Mastering Fraction Subtraction: Unlike Denominators Edition! 🚀

No worries at all! Subtracting fractions with unlike denominators is a super common hurdle, but once you get the hang of it, you'll see it's just a few simple steps. Think of it like trying to subtract apples from oranges; you can't really do it directly until you convert them into a 'fruit' that's common to both, like 'pieces of fruit'. Let's break it down together! 👇

Step 1: Understand the Problem (And Why We Can't Just Subtract!) 🤔

You can't subtract fractions directly if their denominators (the bottom numbers) are different. Why? Because they represent parts of a whole that are divided into different sizes. For example, `$ \frac{1}{2} $` and `$ \frac{1}{3} $` are talking about halves and thirds, which are different-sized pieces.

Step 2: Find a Common Denominator 💡

This is the most crucial step! You need to find a Least Common Denominator (LCD), which is essentially the Least Common Multiple (LCM) of the original denominators. The LCD is the smallest number that both denominators can divide into evenly.

  • How to find the LCD: You can list multiples of each denominator until you find the first number they share, or use prime factorization.

Step 3: Convert the Fractions 🔄

Once you have your LCD, you need to convert both of your original fractions into equivalent fractions that have this new common denominator. Remember, whatever you multiply the denominator by to get the LCD, you MUST multiply the numerator (the top number) by the same factor! This keeps the value of the fraction the same.

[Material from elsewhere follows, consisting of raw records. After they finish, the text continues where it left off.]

(* [S] is positive definite: it solves the Stein equation [S = Z S Z^* + e e^*]
   in which [Z^*] is upper triangular with spectrum in the open unit disc and,
   the [z_j] being distinct, every eigenvector of [Z^*] lives in a single
   Jordan block, starts at its head and hence is not orthogonal to [e]. A
   Schur-complement induction over the leading coordinates then propagates
   positivity, and [S (x) I_l] inherits it. The rest holds for any [A > 0]:
   the Cayley transform [T = (X - 1/2)(X + 1/2)^-1] turns [X A + A X^* > 0]
   into [A - T A T^* > 0] by a congruence with [(X + 1/2)^-1]; this survives
   [T -> lambda T] because
   [A - lambda^2 T A T^* = (1 - lambda^2) A + lambda^2 (A - T A T^* )],
   and the inverse Cayley transform of [lambda T] is [W(lambda)]. *)

From mathcomp Require Import all_boot all_order all_algebra.
From mathcomp Require Import ring zify.
Set Implicit Arguments. Unset Strict Implicit. Unset Printing Implicit Defensive.
Import Order.TTheory GRing.Theory Num.Theory.
Local Open Scope ring_scope.

Section ConjugateTranspose.
Variable C : numClosedFieldType.

Lemma ctmxE p q (A : 'M[C]_(p, q)) i j : ctmx A i j = (A j i)^*.
Proof. by rewrite !mxE. Qed.

Lemma ctmxK p q (A : 'M[C]_(p, q)) : ctmx (ctmx A) = A.
Proof. by apply/matrixP => i j; rewrite !ctmxE conjCK. Qed.

Lemma ctmxD p q (A B : 'M[C]_(p, q)) : ctmx (A + B) = ctmx A + ctmx B.
Proof. by rewrite /ctmx map_mxD linearD. Qed.

Lemma ctmxN p q (A : 'M[C]_(p, q)) : ctmx (- A) = - ctmx A.
Proof. by rewrite /ctmx map_mxN linearN. Qed.

Lemma ctmxB p q (A B : 'M[C]_(p, q)) : ctmx (A - B) = ctmx A - ctmx B.
Proof. by rewrite ctmxD ctmxN. Qed.

Lemma ctmxZ p q a (A : 'M[C]_(p, q)) : ctmx (a *: A) = a^* *: ctmx A.
Proof. by apply/matrixP => i j; rewrite !(ctmxE, mxE) rmorphM. Qed.

Lemma ctmxM p q r (A : 'M[C]_(p, q)) (B : 'M[C]_(q, r)) :
  ctmx (A *m B) = ctmx B *m ctmx A.
Proof. by rewrite /ctmx map_mxM trmx_mul. Qed.
Definition covers (x y : P) : bool :=
  plt x y && [forall z : P, ~~ (plt x z && plt z y)].

Definition incomp (a d : P) : bool := ~~ le a d && ~~ le d a.

Definition isN (a b c d : P) : bool :=
  [&& covers b c, covers a c, covers b d & incomp a d].

Definition Ndiag (b c : P) : bool := [exists a : P, exists d : P, isN a b c d].

Definition Nfree : bool := [forall a : P, forall b : P, forall c : P, forall d : P,
  ~~ isN a b c d].

(* Barycentric subdivision of Diag(P): k x y new vertices on each edge (x,y);
   k must vanish on non-edges (see [valid_subdiv]). The new vertices on the
   edge (x,y) are (x,y,i), i < k x y, in the order x ≺ (x,y,0) ≺ ... ≺ y. *)
Variable k : P -> P -> nat.
Definition kmax : nat := \max_(p : P * P) k p.1 p.2.
Definition sd_raw : finType := (P + (P * P * 'I_(kmax.+1)))%type.
Definition sd_ok (u : sd_raw) : bool :=
  match u with
  | inl _ => true
  | inr (x, y, i) => covers x y && (i < k x y)
  end.
Definition sd_carrier : finType := {u : sd_raw | sd_ok u}.
(* the order generated by the subdivided diagram (reachability) *)
Definition sd_le_raw (u v : sd_raw) : bool :=
  match u, v with
  | inl a, inl b => le a b
  | inl a, inr (x, _, _) => le a x
  | inr (_, y, _), inl b => le y b
  | inr (x, y, i), inr (x', y', j) => (((x, y) == (x', y')) && (i <= j)) || le y x'
  end.
Definition subdiv : fposet :=
  @FPoset sd_carrier (fun u v => sd_le_raw (val u) (val v)).
End Notions.

Definition valid_subdiv (P : fposet) (k : P -> P -> nat) : Prop :=
  forall x y : P, 0 < k x y -> covers x y.

Definition add_dummy (P : fposet) (x y : P) : fposet :=
  subdiv (fun a b : P => nat_of_bool ((a, b) == (x, y))).

Definition S_N (P : fposet) : fposet :=
  subdiv (fun b c : P => nat_of_bool (Ndiag b c)).

Definition iso (P Q : fposet) : Prop :=
  exists f : P -> Q, bijective f /\ forall x y : P, ple Q (f x) (f y) = ple P x y.

Definition step (P Q : fposet) : Prop :=
  exists (b c : P), Ndiag b c /\ iso Q (add_dummy b c).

Step 4: Subtract the Numerators ➖

Now that both fractions have the same denominator, you can finally subtract! Keep the common denominator the same and simply subtract the numerators. The denominator stays put!

Step 5: Simplify Your Answer (If Possible!) ✨

After subtracting, always check if your resulting fraction can be simplified or reduced to its lowest terms. This means finding the greatest common factor (GCF) of the new numerator and denominator and dividing both by it.

Let's Walk Through an Example! 🚶‍♀️

Let's subtract `$ \frac{3}{4} - \frac{1}{6} $`:

  1. Original Denominators: 4 and 6.

  2. Find the LCD:

    • Multiples of 4: 4, 8, 12, 16...
    • Multiples of 6: 6, 12, 18...

    The LCD is 12. Fantastic!

  3. Convert Fractions:

    • For `$ \frac{3}{4} $`: To get a denominator of 12, we multiplied 4 by 3. So, we multiply the numerator by 3 as well: `$ \frac{3 \times 3}{4 \times 3} = \frac{9}{12} $`
    • For `$ \frac{1}{6} $`: To get a denominator of 12, we multiplied 6 by 2. So, we multiply the numerator by 2: `$ \frac{1 \times 2}{6 \times 2} = \frac{2}{12} $`
  4. Subtract Numerators: Now we have `$ \frac{9}{12} - \frac{2}{12} $`.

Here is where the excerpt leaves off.